▶ _Exercise_
With the first line below as the start and the line containing "rewrite /degree -sum1_card" as the end, copy every line between them exactly, ends included.

....

Definition tailmx : 'M[R]_(nE adj, n) := \matrix_(e, v) ((ed e).1 == v)%:R.
Definition headmx : 'M[R]_(nE adj, n) := \matrix_(e, v) ((ed e).2 == v)%:R.
Definition nb_lift (M : 'M[R]_n) : 'M[R]_(nE adj) :=
  \matrix_(e, g) (NB e g * M (ed e).2 (ed g).2).

Definition line_local (N : 'M[R]_(nE adj)) : Prop :=
  forall e g, N e g != 0 -> e = g \/ (ed g).1 = (ed e).2.

Lemma edge_adj e : adj (ed e).1 (ed e).2.
Proof. by rewrite /edge_of; case: (enum_val e). Qed.

Lemma edge_neq e : (ed e).1 != (ed e).2.
Proof. by apply: contraTneq (edge_adj e) => ->; rewrite adj_irr. Qed.

Lemma sum_out_edges (F : 'I_n -> R) a :
  \sum_e ((ed e).1 == a)%:R * F (ed e).2 = \sum_b (adj a b)%:R * F b.
Proof.
pose G (p : 'I_n * 'I_n) := (p.1 == a)%:R * F p.2.
transitivity (\sum_(x : dedge adj) G (val x)).
  by rewrite (big_enum_val (fun x : dedge adj => G (val x))).
transitivity (\sum_(p | adj p.1 p.2) G p).
  rewrite [RHS](reindex_omap (val : dedge adj -> _) insub) /=; last first.
    by move=> p adj_p; rewrite insubT.
  by apply: eq_bigl => -[p adj_p] /=; rewrite insubT /= adj_p eqxx.
rewrite big_mkcond /=.
rewrite -(pair_big xpredT xpredT (fun u b => if adj u b then G (u, b) else 0)) /=.
rewrite (bigD1 a) //= [X in _ + X]big1 ?addr0; last first.
  by move=> u /negbTE ua; apply: big1 => b _; rewrite /G /= ua mul0r if_same.
apply: eq_bigr => b _; rewrite /G /= eqxx mul1r.
by case: (adj a b); rewrite ?mul1r ?mul0r.
Qed.

Lemma sum_succ_edges e (F : 'I_n -> R) :
  \sum_g NB e g * F (ed g).2 = \sum_b (adj (ed e).2 b && ((ed e).1 != b))%:R * F b.
Proof.
transitivity (\sum_g ((ed g).1 == (ed e).2)%:R *
                     (((ed e).1 != (ed g).2)%:R * F (ed g).2)).
  by apply: eq_bigr => g _; rewrite mxE eq_sym mulrA -natrM mulnb.
rewrite (sum_out_edges (fun b => ((ed e).1 != b)%:R * F b)).
by apply: eq_bigr => b _; rewrite mulrA -natrM mulnb.
Qed.

Lemma sum_adj v : \sum_b (adj v b)%:R = (degree adj v)%:R :> R.
Proof.
rewrite /degree -sum1_card natr_sum [RHS]big_mkcond /=.
by apply: eq_bigr => b _; rewrite inE; case: (adj v b).
Qed.

Lemma degree_gt0 a b : adj a b -> (0 < degree adj a)%N.
Proof. by move=> ab; rewrite /degree card_gt0; apply/set0Pn; exists b; rewrite inE. Qed.

Lemma NBdegE e : NBdeg R e + 1 = (degree adj (ed e).2)%:R :> R.
Proof.
rewrite /NBdeg -sum_adj.
rewrite (eq_bigr _ (fun g _ => esym (mulr1 (NB e g)))) (sum_succ_edges e (fun=> 1)).
rewrite [RHS](bigD1 (ed e).1) //= (bigD1 (ed e).1) //= eqxx andbF mul0r add0r.
rewrite adj_sym edge_adj addrC; congr (_ + _); apply: eq_bigr => b.
by rewrite eq_sym => /negbTE ->; rewrite andbT mulr1.
Qed.

Lemma AhatE a b :
  Ah a b = (Num.sqrt ((degree adj a)%:R + 1))^-1 * (A + 1%:M) a b *
           (Num.sqrt ((degree adj b)%:R + 1))^-1.
Proof. by rewrite /Ahat diag_invsqrt_mulE /degmx !mxE !eqxx !mulr1n. Qed.

Lemma BhatE e f :
  Bh e f = (Num.sqrt (degree adj (ed e).2)%:R)^-1 * (NB + 1%:M) e f *
           (Num.sqrt (degree adj (ed f).2)%:R)^-1.
Proof. by rewrite /Bhat diag_invsqrt_mulE !NBdegE. Qed.
Section tail_bound.
Context {d : measure_display} {T : measurableType d} {R : realType} {P : probability T R}.
Context {n : nat} {f : 'I_n -> R -> R} {X : 'I_n -> {RV P >-> R}} {g : 'rV[R]_n -> R}.
Hypothesis n_gt0 : (0 < n)%N.
Hypothesis hf : forall i, Bc (f i).
Hypothesis tail : forall i u, 0 <= u -> (P [set w | (u <= `|X i w|)%R] <= (f i u)%:E)%E.
Hypothesis g_cont : continuous g.
Hypothesis g_even : forall x i, g (rowset x i (- x ord0 i)) = g x.
Hypothesis g_incr : forall x i a b, 0 <= a -> a < b -> g (rowset x i a) < g (rowset x i b).
Hypothesis h_to_oo : hfun g f s @[s --> 0^'+] --> +oo.

Let mX i : measurable_fun setT (X i) := measurable_funPT (X i).

Lemma prob_g_ge_hfun s : 0 < s -> (forall i, s <= f i 0) ->
  (P [set w | (hfun g f s <= g (\row_i X i w))%R] <= (n%:R * s)%:E)%E.
Proof.
move=> s0 s_le_f0; pose u := \row_i Defs.finv (f i) s.
have u_spec i : 0 <= u ord0 i /\ f i (u ord0 i) = s by rewrite mxE; exact: finvP.
pose B i := [set w | u ord0 i <= `|X i w|].
have sub_B : [set w | hfun g f s <= g (\row_i X i w)] `<=` \big[setU/set0]_i B i.
  move=> w /= u_le_X; have [i Bi] : exists i, B i w.
    apply: contrapT => /forallNP X_lt_u.
    have : g (\row_i X i w) < g u.
      apply: (g_lt_norm g_even g_incr _ _ n_gt0) => i; rewrite mxE (ger0_norm (u_spec i).1).
      by rewrite ltNge; apply/negP/X_lt_u.
    by rewrite ltNge u_le_X.
  by rewrite (bigD1 i) //; left.
apply: le_trans (le_measure _ _ _ sub_B) _.
- by rewrite inE; exact: (measurable_g_ge mX g_cont g_even g_incr).
- by rewrite inE; apply: bigsetU_measurable => i _; exact: (measurable_norm_ge mX).
apply: le_trans (Boole_inequality_ord P B (fun i => measurable_norm_ge mX i _)) _.
have -> : (n%:R * s)%:E = \sum_(i < n) s%:E.
  by rewrite sumEFin sumr_const card_ord mulr_natl.
by apply: lee_sum => i _; have := tail i _ (u_spec i).1; rewrite (u_spec i).2.
Qed.

Lemma prob_g_ge_inv_on c t : 0 < c -> (forall i, c <= f i 0) -> hfun g f c <= t ->
  (P [set w | (t <= g (\row_i X i w))%R] <= (n%:R * inv_on c (hfun g f) t)%:E)%E.
Proof.
move=> c0 c_le_f0 hct.
have [/andP[s0 sc] hs] := inv_onP hf g_cont c0 c_le_f0 t hct h_to_oo.
rewrite -[X in [set w | X <= _]]hs; apply: prob_g_ge_hfun s0 _ => i.
exact: le_trans sc (c_le_f0 i).
Qed.

End tail_bound.

Theorem theorem2 (R : realType) (d : measure_display) (T : measurableType d)
  (P : probability T R) (n : nat) (hn : (0 < n)%N)
  (f : 'I_n -> R -> R) (X : 'I_n -> {RV P >-> R}) (g : 'rV[R]_n -> R) :
  (forall i, Bc (f i)) ->
  (forall i u, 0 <= u -> (P [set w | (u <= `|X i w|)%R] <= (f i u)%:E)%E) ->
  continuous g ->
  (forall x i, g (rowset x i (- x ord0 i)) = g x) ->
  (forall x i a b, 0 <= a -> a < b -> g (rowset x i a) < g (rowset x i b)) ->
  hfun g f s @[s --> 0^'+] --> +oo ->
  (forall t, hfun g f 1 <= t ->
     (P [set w | (t <= g (\row_i X i w))%R] <= ((n%:R * inv_on 1 (hfun g f) t)%R)%:E)%E)
  /\
  (forall c, (forall i, f i 0 = c) ->
     forall t, g 0 <= t ->
     (P [set w | (t <= g (\row_i X i w))%R] <= ((n%:R * inv_on c (hfun g f) t)%R)%:E)%E).
Proof.
move=> hf tail g_cont g_even g_incr h_to_oo.
have tail_bound := prob_g_ge_inv_on hn hf tail g_cont g_even g_incr h_to_oo.
split=> [t|c f0_c t g0_t].
  by apply: tail_bound => // i; case: (hf i).
have c0 : 0 < c.
  by case: (hf (Ordinal hn)) => _ _ f_gt0 _ _; rewrite -(f0_c (Ordinal hn)) f_gt0.
apply: tail_bound => // [i|]; first by rewrite f0_c.
suff -> : hfun g f c = g 0 by [].
by congr g; apply/rowP => i; rewrite !mxE -(f0_c i) finvK.
Qed.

....

▶ _Response to this task_
Definition tailmx : 'M[R]_(nE adj, n) := \matrix_(e, v) ((ed e).1 == v)%:R.
Definition headmx : 'M[R]_(nE adj, n) := \matrix_(e, v) ((ed e).2 == v)%:R.
Definition nb_lift (M : 'M[R]_n) : 'M[R]_(nE adj) :=
  \matrix_(e, g) (NB e g * M (ed e).2 (ed g).2).

Definition line_local (N : 'M[R]_(nE adj)) : Prop :=
  forall e g, N e g != 0 -> e = g \/ (ed g).1 = (ed e).2.

Lemma edge_adj e : adj (ed e).1 (ed e).2.
Proof. by rewrite /edge_of; case: (enum_val e). Qed.

Lemma edge_neq e : (ed e).1 != (ed e).2.
Proof. by apply: contraTneq (edge_adj e) => ->; rewrite adj_irr. Qed.

Lemma sum_out_edges (F : 'I_n -> R) a :
  \sum_e ((ed e).1 == a)%:R * F (ed e).2 = \sum_b (adj a b)%:R * F b.
Proof.
pose G (p : 'I_n * 'I_n) := (p.1 == a)%:R * F p.2.
transitivity (\sum_(x : dedge adj) G (val x)).
  by rewrite (big_enum_val (fun x : dedge adj => G (val x))).
transitivity (\sum_(p | adj p.1 p.2) G p).
  rewrite [RHS](reindex_omap (val : dedge adj -> _) insub) /=; last first.
    by move=> p adj_p; rewrite insubT.
  by apply: eq_bigl => -[p adj_p] /=; rewrite insubT /= adj_p eqxx.
rewrite big_mkcond /=.
rewrite -(pair_big xpredT xpredT (fun u b => if adj u b then G (u, b) else 0)) /=.
rewrite (bigD1 a) //= [X in _ + X]big1 ?addr0; last first.
  by move=> u /negbTE ua; apply: big1 => b _; rewrite /G /= ua mul0r if_same.
apply: eq_bigr => b _; rewrite /G /= eqxx mul1r.
by case: (adj a b); rewrite ?mul1r ?mul0r.
Qed.

Lemma sum_succ_edges e (F : 'I_n -> R) :
  \sum_g NB e g * F (ed g).2 = \sum_b (adj (ed e).2 b && ((ed e).1 != b))%:R * F b.
Proof.
transitivity (\sum_g ((ed g).1 == (ed e).2)%:R *
                     (((ed e).1 != (ed g).2)%:R * F (ed g).2)).
  by apply: eq_bigr => g _; rewrite mxE eq_sym mulrA -natrM mulnb.
rewrite (sum_out_edges (fun b => ((ed e).1 != b)%:R * F b)).
by apply: eq_bigr => b _; rewrite mulrA -natrM mulnb.
Qed.

Lemma sum_adj v : \sum_b (adj v b)%:R = (degree adj v)%:R :> R.
Proof.
rewrite /degree -sum1_card natr_sum [RHS]big_mkcond /=.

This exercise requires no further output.